CIA money funds a politically connected drug dealer. Opium funds the Taliban. We are in Afghanistan to fight the Taliban. How much CIA money has indirectly funded the Taliban?

BLUF: This is a clusterfuck. If this is true, all of our COIN efforts thus far have been done wrong. Exum states, in more eloquent language than I have "you can be darn sure that if we think that AWK is the CIA's guy, the Afghans most certainly believe that to be the case." That's no way to win the trust of a population you are trying to protect.

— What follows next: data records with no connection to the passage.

Lemma diff_pi_eq0 s a : pi th s a = 0 -> forall v, Dp s a v = 0.
Proof.
move=> pi0 v; apply: (diff_eq_of_minorant (ell := fun=> 0)).
- by move=> t w; rewrite mulr0.
- exact: pi_diff.
- by apply: filterS near_Theta => h hT; rewrite pi0 addr0; case: (pi_dist hT s).
Qed.

(* [pi * grad log pi = grad pi], also where [pi] vanishes and [log pi] is junk. *)
Lemma pi_derive_ln s a v : pi th s a * 'D_v (fun t => ln (pi t s a)) th = Dp s a v.
Proof.
have := (pi_th_dist s).1 a; rewrite le_eqVlt => /orP[/eqP pi0 | pi_pos].
  by rewrite -pi0 mul0r diff_pi_eq0.
have dpi := pi_diff s a th_Theta.
by rewrite derive_ln // mulrC divfK // gt_eqF.
Qed.

Let y i s := \sum_a Dp s a (delta_mx 0 i) * Q s a.

Lemma policy_gradient_partial_sum s0 N i :
  (\sum_(t < N) (gamma ^+ t *:
      \sum_(s' : S) \sum_(a : A)
        ((state_dist (pi th) (Phat th) s0 t s' * pi th s' a * Q s' a)
         *: grad (fun t' => ln (pi t' s' a)) th))) 0 i =
  \sum_(t < N) gamma ^+ t * \sum_s' state_dist (pi th) (Phat th) s0 t s' * y i s'.
Proof.
rewrite summxE; apply: eq_bigr => t _; rewrite mxE summxE; congr (_ * _).
apply: eq_bigr => s' _; rewrite summxE /y mulr_sumr; apply: eq_bigr => a _.
by rewrite !mxE -pi_derive_ln; ring.
Qed.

We are paying a symbol of the illegitimate national government which hinders our need for a legitimate partner. We are partnering with a symbol of government corruption, which undermines any trust we might receive from the population. We are funding the insurgency we are attempting to counter. This is the definition of wheel spinning.

And is this just the tip of the iceberg? Is it really plausible that this is the only place in Afghanistan where we are doing this, where CIA activity is undermining counterinsurgency efforts? If the CIA is willing to do it in one area, I don't really think the agency would have qualms about doing it in any other place in the country. This raises the legitimate fear that in any AO in the conflict, we are fighting against ourselves, with American military personnel dying as a result.

If COIN, on any scale, is really our answer for Afghanistan we need to figure out (at the very least) who the good guys and the bad guys are so that we aren't aiding both. That seems like a ridiculous statement, and it is. But the reports about AWK's partnership with the CIA renders a ridiculous question legitimate, which is more than we can presently say for the ridiculous Karzai government.